• WHAT YOU WILL DO
Where in the listing does the string "phiS" appear? Copy every line that holds it.
⁂
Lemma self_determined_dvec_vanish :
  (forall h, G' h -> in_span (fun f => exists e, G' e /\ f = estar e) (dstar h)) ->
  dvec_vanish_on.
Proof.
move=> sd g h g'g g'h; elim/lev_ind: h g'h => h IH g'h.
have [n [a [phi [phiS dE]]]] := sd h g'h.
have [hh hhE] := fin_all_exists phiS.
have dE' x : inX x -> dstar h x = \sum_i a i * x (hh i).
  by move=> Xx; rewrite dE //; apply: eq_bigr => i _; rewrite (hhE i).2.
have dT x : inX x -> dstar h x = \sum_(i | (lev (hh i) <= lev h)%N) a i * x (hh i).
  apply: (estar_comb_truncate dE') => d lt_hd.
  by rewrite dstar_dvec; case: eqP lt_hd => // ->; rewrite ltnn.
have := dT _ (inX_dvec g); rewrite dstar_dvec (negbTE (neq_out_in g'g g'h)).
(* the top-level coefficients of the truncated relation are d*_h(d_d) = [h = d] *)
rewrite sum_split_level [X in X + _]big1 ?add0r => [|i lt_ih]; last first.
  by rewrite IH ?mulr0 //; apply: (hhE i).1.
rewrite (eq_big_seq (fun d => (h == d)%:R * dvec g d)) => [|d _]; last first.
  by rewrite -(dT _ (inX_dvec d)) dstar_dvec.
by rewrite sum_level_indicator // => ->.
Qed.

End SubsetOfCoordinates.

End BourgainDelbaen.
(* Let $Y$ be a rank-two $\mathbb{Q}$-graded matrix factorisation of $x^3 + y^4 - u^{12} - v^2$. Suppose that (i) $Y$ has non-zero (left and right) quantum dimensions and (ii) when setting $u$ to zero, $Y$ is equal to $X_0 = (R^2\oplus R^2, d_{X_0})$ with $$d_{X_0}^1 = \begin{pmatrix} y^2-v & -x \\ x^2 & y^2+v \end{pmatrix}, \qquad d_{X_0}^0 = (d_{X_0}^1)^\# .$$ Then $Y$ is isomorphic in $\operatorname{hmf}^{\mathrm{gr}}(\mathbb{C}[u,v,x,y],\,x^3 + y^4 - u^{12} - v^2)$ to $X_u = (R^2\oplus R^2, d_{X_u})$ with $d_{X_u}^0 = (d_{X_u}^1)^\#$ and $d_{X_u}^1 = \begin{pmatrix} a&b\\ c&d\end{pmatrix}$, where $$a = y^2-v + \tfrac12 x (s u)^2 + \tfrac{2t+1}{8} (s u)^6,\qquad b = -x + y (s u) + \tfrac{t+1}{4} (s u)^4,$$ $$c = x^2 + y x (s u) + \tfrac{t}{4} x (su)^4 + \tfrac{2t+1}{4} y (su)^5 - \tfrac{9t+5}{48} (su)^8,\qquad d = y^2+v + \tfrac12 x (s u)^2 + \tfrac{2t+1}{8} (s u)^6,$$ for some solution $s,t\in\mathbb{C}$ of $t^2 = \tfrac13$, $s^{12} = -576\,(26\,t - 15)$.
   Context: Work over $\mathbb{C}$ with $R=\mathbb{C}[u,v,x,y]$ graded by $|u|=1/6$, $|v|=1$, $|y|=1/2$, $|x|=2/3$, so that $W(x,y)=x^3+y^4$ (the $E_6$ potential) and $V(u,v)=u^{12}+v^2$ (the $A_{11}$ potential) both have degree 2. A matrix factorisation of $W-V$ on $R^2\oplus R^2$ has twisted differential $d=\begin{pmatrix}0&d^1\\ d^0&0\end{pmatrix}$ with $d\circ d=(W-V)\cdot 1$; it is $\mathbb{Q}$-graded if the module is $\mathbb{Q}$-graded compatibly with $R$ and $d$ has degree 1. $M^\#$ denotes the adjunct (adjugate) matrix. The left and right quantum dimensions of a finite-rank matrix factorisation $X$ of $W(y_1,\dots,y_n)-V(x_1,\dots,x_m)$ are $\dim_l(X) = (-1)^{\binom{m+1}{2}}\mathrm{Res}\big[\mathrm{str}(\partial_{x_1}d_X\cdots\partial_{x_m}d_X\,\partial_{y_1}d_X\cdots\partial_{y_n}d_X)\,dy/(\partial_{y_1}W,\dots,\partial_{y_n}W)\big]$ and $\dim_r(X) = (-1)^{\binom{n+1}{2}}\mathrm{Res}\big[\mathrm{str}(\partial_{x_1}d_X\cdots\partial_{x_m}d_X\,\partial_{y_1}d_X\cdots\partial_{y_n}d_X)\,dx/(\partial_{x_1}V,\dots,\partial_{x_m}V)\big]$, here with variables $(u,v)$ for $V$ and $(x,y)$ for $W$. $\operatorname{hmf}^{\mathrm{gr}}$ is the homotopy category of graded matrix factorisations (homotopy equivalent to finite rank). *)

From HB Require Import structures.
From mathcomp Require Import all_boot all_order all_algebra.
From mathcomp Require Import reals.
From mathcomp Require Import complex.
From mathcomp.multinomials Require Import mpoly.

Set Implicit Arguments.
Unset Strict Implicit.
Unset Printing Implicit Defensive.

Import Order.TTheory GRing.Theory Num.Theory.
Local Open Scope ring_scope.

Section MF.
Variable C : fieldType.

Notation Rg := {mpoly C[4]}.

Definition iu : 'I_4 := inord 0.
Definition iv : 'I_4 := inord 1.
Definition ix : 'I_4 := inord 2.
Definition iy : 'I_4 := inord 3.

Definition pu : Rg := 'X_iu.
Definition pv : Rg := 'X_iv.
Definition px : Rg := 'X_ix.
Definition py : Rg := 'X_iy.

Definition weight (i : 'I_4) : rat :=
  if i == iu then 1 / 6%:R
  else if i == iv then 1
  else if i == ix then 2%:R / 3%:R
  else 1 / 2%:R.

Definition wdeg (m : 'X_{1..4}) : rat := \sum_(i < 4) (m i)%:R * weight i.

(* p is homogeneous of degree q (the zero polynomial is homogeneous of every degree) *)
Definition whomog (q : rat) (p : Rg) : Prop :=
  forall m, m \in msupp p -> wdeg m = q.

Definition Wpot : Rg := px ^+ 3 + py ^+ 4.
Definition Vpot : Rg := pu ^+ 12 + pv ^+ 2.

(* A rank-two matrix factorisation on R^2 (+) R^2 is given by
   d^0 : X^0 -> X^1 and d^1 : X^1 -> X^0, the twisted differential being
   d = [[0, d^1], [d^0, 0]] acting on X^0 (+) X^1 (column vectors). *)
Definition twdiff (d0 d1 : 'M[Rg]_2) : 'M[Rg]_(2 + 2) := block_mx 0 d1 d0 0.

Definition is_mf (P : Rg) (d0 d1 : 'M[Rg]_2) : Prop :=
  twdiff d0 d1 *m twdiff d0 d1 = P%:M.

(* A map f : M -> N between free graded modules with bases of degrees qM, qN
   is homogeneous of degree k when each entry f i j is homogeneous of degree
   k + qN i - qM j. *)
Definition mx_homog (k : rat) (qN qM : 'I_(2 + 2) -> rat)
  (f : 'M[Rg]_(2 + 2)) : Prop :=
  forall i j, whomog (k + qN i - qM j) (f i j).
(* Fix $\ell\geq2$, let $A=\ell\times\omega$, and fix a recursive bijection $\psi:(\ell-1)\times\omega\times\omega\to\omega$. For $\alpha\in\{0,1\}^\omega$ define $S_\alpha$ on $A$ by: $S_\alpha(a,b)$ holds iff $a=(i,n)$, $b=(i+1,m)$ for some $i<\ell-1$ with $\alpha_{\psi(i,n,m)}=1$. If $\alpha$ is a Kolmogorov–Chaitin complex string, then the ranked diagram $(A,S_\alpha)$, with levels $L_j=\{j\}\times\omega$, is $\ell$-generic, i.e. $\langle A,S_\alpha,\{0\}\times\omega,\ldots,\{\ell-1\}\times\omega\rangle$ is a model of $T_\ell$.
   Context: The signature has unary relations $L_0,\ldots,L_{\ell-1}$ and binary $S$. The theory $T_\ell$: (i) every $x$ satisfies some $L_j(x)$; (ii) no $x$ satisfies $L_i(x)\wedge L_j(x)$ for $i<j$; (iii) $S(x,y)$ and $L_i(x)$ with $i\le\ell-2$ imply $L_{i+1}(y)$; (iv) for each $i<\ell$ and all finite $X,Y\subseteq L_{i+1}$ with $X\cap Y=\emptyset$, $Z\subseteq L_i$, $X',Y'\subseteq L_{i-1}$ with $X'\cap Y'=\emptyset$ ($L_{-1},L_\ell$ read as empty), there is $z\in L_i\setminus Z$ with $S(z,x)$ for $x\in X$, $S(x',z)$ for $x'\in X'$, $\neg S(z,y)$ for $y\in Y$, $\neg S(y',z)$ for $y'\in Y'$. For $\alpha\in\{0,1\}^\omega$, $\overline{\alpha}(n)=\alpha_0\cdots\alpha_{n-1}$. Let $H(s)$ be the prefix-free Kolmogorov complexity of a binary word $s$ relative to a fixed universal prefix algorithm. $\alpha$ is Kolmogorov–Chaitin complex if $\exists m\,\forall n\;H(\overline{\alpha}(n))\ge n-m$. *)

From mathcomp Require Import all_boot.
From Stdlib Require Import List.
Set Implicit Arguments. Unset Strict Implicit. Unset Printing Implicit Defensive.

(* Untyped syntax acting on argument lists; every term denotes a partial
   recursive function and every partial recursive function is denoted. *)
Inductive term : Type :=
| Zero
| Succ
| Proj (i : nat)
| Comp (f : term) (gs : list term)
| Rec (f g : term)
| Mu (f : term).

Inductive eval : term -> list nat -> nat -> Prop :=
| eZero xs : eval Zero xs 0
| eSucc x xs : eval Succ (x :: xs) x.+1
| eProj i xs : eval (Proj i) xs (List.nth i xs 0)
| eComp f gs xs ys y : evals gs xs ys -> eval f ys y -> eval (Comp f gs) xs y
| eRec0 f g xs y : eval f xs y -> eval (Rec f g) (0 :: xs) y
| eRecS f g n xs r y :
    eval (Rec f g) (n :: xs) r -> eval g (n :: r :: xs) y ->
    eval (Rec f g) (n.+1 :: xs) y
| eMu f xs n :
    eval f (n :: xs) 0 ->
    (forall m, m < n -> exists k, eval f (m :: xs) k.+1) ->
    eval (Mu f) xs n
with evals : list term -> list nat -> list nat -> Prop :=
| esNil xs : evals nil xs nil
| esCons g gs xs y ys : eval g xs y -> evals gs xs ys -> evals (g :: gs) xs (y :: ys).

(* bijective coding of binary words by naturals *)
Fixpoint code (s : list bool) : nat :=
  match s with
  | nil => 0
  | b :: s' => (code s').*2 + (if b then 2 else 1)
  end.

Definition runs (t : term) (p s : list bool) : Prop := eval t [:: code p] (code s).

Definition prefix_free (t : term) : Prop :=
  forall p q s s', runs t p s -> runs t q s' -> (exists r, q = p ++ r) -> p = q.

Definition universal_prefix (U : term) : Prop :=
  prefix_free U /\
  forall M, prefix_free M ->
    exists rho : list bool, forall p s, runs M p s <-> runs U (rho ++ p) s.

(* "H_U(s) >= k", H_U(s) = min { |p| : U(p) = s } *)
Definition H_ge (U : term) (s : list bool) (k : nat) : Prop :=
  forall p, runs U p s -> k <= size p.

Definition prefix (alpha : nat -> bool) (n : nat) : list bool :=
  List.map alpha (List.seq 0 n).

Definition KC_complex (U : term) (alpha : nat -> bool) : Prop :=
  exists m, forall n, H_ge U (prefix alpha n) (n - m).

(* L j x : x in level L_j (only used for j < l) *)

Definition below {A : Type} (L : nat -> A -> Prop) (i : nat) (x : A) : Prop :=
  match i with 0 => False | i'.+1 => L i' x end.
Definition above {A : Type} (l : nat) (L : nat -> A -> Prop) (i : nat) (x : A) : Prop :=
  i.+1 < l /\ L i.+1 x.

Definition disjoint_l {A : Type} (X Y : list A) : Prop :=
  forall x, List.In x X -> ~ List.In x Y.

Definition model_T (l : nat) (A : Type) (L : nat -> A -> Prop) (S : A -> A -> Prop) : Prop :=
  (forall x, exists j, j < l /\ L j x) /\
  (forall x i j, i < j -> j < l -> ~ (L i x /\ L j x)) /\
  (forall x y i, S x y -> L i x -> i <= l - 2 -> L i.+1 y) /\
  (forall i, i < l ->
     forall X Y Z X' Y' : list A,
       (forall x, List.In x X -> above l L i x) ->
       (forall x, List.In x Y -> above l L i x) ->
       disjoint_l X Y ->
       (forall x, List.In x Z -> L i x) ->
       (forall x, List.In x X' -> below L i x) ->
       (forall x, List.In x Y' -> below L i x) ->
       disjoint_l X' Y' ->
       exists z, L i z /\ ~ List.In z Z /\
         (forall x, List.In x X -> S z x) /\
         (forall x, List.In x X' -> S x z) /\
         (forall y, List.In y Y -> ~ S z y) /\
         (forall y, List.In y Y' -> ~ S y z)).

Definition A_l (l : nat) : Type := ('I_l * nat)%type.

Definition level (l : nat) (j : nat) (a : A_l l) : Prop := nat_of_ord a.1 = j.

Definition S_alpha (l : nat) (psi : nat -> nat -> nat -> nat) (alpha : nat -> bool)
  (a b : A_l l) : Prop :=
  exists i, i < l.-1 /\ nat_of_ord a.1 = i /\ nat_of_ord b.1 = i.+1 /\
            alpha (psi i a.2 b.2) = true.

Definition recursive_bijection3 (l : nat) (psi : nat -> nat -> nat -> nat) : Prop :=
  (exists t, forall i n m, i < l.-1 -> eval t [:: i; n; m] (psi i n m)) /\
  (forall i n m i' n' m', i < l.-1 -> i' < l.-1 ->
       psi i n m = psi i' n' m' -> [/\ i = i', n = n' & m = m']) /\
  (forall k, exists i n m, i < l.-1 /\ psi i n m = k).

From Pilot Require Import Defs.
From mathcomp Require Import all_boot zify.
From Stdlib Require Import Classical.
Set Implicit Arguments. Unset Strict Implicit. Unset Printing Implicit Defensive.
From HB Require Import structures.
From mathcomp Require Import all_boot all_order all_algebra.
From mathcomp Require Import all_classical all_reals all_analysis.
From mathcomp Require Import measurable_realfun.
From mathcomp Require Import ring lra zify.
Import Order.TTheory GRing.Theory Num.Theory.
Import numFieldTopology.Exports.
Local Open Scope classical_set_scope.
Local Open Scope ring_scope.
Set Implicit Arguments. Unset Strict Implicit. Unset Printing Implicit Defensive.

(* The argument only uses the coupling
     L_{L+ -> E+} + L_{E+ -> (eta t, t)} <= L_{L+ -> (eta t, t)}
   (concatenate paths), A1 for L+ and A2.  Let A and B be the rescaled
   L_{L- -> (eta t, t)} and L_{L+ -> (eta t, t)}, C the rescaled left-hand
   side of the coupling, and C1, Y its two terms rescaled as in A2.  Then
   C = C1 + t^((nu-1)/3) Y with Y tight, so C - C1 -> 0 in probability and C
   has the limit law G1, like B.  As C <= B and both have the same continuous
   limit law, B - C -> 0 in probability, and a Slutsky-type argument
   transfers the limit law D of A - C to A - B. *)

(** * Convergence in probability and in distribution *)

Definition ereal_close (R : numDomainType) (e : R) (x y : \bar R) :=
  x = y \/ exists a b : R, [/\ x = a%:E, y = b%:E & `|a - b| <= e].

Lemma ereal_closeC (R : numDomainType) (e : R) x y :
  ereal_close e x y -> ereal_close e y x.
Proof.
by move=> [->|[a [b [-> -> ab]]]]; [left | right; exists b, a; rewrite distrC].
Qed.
⁂
• YOUR SOLUTION
have [n [a [phi [phiS dE]]]] := sd h g'h.
have [hh hhE] := fin_all_exists phiS.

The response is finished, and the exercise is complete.